#### Task details:
Restate word for word the lines in the listing below, starting at the line containing "(exists i k, nbr" and ending at the line containing "by rewrite -big_distrr /=; ring.", both included; leave out the rest.

━━ Entries provided

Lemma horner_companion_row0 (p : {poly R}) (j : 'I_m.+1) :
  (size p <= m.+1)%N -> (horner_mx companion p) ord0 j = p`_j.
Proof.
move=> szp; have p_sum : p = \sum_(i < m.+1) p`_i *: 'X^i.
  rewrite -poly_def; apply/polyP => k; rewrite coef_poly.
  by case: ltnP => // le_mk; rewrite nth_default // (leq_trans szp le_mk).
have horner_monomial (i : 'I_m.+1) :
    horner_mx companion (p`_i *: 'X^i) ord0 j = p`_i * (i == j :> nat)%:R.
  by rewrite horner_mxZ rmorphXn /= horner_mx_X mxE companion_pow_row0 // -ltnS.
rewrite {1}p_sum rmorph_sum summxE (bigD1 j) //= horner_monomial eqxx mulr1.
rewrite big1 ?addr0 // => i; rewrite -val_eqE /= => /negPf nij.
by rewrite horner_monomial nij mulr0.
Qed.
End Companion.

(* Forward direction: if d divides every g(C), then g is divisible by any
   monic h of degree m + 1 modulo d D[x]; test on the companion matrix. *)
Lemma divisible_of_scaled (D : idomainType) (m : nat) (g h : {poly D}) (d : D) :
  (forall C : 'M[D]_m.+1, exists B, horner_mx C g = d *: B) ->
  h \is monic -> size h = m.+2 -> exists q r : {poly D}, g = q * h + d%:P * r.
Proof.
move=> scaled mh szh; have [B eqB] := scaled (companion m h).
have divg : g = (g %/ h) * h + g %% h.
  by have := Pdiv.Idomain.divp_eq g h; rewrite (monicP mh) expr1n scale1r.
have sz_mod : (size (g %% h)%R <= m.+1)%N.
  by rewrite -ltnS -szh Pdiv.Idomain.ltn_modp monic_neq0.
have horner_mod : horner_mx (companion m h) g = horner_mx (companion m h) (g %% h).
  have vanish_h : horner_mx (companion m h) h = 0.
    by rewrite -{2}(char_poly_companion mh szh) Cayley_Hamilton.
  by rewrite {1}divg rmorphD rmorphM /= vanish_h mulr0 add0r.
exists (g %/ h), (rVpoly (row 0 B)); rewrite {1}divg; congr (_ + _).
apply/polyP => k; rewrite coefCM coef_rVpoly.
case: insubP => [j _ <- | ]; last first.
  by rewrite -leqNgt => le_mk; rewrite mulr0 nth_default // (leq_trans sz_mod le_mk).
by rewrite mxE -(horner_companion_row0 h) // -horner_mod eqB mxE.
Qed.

━━━━
━━ Entries provided

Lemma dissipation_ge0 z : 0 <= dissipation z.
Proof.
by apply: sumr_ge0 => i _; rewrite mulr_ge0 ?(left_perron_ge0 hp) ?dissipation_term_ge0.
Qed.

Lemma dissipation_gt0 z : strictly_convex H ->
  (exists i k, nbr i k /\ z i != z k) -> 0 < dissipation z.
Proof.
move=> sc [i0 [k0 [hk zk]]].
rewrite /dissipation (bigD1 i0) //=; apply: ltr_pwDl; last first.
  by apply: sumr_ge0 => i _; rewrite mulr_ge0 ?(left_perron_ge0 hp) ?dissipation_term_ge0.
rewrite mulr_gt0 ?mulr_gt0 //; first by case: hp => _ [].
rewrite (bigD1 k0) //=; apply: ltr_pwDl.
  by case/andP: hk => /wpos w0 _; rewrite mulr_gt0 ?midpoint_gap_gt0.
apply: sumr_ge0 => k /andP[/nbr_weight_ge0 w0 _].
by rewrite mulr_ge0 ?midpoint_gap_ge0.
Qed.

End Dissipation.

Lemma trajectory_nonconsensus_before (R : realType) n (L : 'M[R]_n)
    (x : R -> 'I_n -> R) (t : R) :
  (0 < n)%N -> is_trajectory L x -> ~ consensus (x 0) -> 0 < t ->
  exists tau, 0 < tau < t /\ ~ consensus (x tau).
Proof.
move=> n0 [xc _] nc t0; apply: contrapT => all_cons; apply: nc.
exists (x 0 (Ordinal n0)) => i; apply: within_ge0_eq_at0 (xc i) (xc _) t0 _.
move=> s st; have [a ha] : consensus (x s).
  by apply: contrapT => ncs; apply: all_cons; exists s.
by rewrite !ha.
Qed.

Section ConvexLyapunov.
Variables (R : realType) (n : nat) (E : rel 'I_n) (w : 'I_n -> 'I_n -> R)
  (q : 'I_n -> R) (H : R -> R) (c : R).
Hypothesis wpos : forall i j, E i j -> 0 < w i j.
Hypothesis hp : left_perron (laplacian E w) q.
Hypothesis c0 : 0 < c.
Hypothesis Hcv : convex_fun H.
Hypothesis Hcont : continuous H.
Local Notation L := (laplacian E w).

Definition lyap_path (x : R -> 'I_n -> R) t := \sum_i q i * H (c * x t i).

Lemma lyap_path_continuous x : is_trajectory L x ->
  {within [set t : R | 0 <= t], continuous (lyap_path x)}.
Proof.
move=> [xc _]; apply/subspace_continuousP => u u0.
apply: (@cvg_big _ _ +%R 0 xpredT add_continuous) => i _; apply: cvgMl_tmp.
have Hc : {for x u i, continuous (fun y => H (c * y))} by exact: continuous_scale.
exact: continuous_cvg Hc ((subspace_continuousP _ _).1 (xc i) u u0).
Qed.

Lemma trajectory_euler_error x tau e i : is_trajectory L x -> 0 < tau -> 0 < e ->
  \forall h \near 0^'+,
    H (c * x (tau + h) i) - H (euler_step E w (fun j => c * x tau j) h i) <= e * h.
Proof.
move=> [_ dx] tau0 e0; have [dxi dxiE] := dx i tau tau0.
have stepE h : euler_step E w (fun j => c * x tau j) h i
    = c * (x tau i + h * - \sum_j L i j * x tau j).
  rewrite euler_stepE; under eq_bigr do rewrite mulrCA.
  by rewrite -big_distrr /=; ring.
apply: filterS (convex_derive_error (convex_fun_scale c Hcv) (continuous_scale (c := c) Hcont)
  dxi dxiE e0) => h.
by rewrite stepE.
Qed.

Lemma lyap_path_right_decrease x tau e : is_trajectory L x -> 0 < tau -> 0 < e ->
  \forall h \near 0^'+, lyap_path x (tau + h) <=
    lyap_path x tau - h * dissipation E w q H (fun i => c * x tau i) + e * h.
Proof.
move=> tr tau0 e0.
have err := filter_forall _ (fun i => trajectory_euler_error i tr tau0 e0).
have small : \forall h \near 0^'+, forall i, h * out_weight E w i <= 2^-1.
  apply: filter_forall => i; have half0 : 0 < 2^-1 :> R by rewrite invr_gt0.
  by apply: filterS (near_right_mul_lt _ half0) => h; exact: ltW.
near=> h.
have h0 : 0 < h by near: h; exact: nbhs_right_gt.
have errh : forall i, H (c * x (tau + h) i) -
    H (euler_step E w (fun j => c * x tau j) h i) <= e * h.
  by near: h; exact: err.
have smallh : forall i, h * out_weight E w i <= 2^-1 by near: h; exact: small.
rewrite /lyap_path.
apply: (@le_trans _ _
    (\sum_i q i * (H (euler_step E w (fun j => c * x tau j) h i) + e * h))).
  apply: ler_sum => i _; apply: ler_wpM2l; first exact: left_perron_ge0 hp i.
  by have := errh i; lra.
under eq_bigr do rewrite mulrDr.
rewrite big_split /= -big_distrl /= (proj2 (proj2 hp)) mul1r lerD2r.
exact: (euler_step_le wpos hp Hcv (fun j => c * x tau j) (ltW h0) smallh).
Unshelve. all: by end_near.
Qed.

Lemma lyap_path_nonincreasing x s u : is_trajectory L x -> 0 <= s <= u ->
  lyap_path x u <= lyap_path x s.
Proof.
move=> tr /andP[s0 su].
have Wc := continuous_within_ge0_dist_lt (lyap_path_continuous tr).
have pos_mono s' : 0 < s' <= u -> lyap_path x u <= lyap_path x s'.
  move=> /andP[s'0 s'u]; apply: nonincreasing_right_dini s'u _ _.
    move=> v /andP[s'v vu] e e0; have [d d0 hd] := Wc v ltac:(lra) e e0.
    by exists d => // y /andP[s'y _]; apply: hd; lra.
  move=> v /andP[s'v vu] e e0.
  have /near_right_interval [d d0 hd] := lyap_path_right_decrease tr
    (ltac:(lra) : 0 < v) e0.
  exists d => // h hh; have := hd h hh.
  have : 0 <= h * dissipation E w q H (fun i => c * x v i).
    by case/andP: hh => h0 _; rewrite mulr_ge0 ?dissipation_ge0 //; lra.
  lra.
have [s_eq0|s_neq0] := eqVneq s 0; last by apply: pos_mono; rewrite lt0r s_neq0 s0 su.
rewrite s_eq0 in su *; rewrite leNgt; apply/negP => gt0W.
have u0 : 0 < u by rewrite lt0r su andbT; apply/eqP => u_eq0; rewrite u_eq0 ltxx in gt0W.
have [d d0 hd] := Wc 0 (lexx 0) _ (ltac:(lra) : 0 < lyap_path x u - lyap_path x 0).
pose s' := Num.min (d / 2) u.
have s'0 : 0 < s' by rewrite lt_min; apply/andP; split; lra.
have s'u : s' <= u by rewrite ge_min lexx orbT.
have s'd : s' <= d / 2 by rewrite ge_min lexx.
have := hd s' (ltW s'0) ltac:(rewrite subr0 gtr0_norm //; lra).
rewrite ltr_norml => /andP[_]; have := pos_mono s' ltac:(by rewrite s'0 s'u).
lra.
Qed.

━━━━

#### Task solution:
  (exists i k, nbr i k /\ z i != z k) -> 0 < dissipation z.
Proof.
move=> sc [i0 [k0 [hk zk]]].
rewrite /dissipation (bigD1 i0) //=; apply: ltr_pwDl; last first.
  by apply: sumr_ge0 => i _; rewrite mulr_ge0 ?(left_perron_ge0 hp) ?dissipation_term_ge0.
rewrite mulr_gt0 ?mulr_gt0 //; first by case: hp => _ [].
rewrite (bigD1 k0) //=; apply: ltr_pwDl.
  by case/andP: hk => /wpos w0 _; rewrite mulr_gt0 ?midpoint_gap_gt0.
apply: sumr_ge0 => k /andP[/nbr_weight_ge0 w0 _].
by rewrite mulr_ge0 ?midpoint_gap_ge0.
Qed.

End Dissipation.

Lemma trajectory_nonconsensus_before (R : realType) n (L : 'M[R]_n)
    (x : R -> 'I_n -> R) (t : R) :
  (0 < n)%N -> is_trajectory L x -> ~ consensus (x 0) -> 0 < t ->
  exists tau, 0 < tau < t /\ ~ consensus (x tau).
Proof.
move=> n0 [xc _] nc t0; apply: contrapT => all_cons; apply: nc.
exists (x 0 (Ordinal n0)) => i; apply: within_ge0_eq_at0 (xc i) (xc _) t0 _.
move=> s st; have [a ha] : consensus (x s).
  by apply: contrapT => ncs; apply: all_cons; exists s.
by rewrite !ha.
Qed.

Section ConvexLyapunov.
Variables (R : realType) (n : nat) (E : rel 'I_n) (w : 'I_n -> 'I_n -> R)
  (q : 'I_n -> R) (H : R -> R) (c : R).
Hypothesis wpos : forall i j, E i j -> 0 < w i j.
Hypothesis hp : left_perron (laplacian E w) q.
Hypothesis c0 : 0 < c.
Hypothesis Hcv : convex_fun H.
Hypothesis Hcont : continuous H.
Local Notation L := (laplacian E w).

Definition lyap_path (x : R -> 'I_n -> R) t := \sum_i q i * H (c * x t i).

Lemma lyap_path_continuous x : is_trajectory L x ->
  {within [set t : R | 0 <= t], continuous (lyap_path x)}.
Proof.
move=> [xc _]; apply/subspace_continuousP => u u0.
apply: (@cvg_big _ _ +%R 0 xpredT add_continuous) => i _; apply: cvgMl_tmp.
have Hc : {for x u i, continuous (fun y => H (c * y))} by exact: continuous_scale.
exact: continuous_cvg Hc ((subspace_continuousP _ _).1 (xc i) u u0).
Qed.

Lemma trajectory_euler_error x tau e i : is_trajectory L x -> 0 < tau -> 0 < e ->
  \forall h \near 0^'+,
    H (c * x (tau + h) i) - H (euler_step E w (fun j => c * x tau j) h i) <= e * h.
Proof.
move=> [_ dx] tau0 e0; have [dxi dxiE] := dx i tau tau0.
have stepE h : euler_step E w (fun j => c * x tau j) h i
    = c * (x tau i + h * - \sum_j L i j * x tau j).
  rewrite euler_stepE; under eq_bigr do rewrite mulrCA.
  by rewrite -big_distrr /=; ring.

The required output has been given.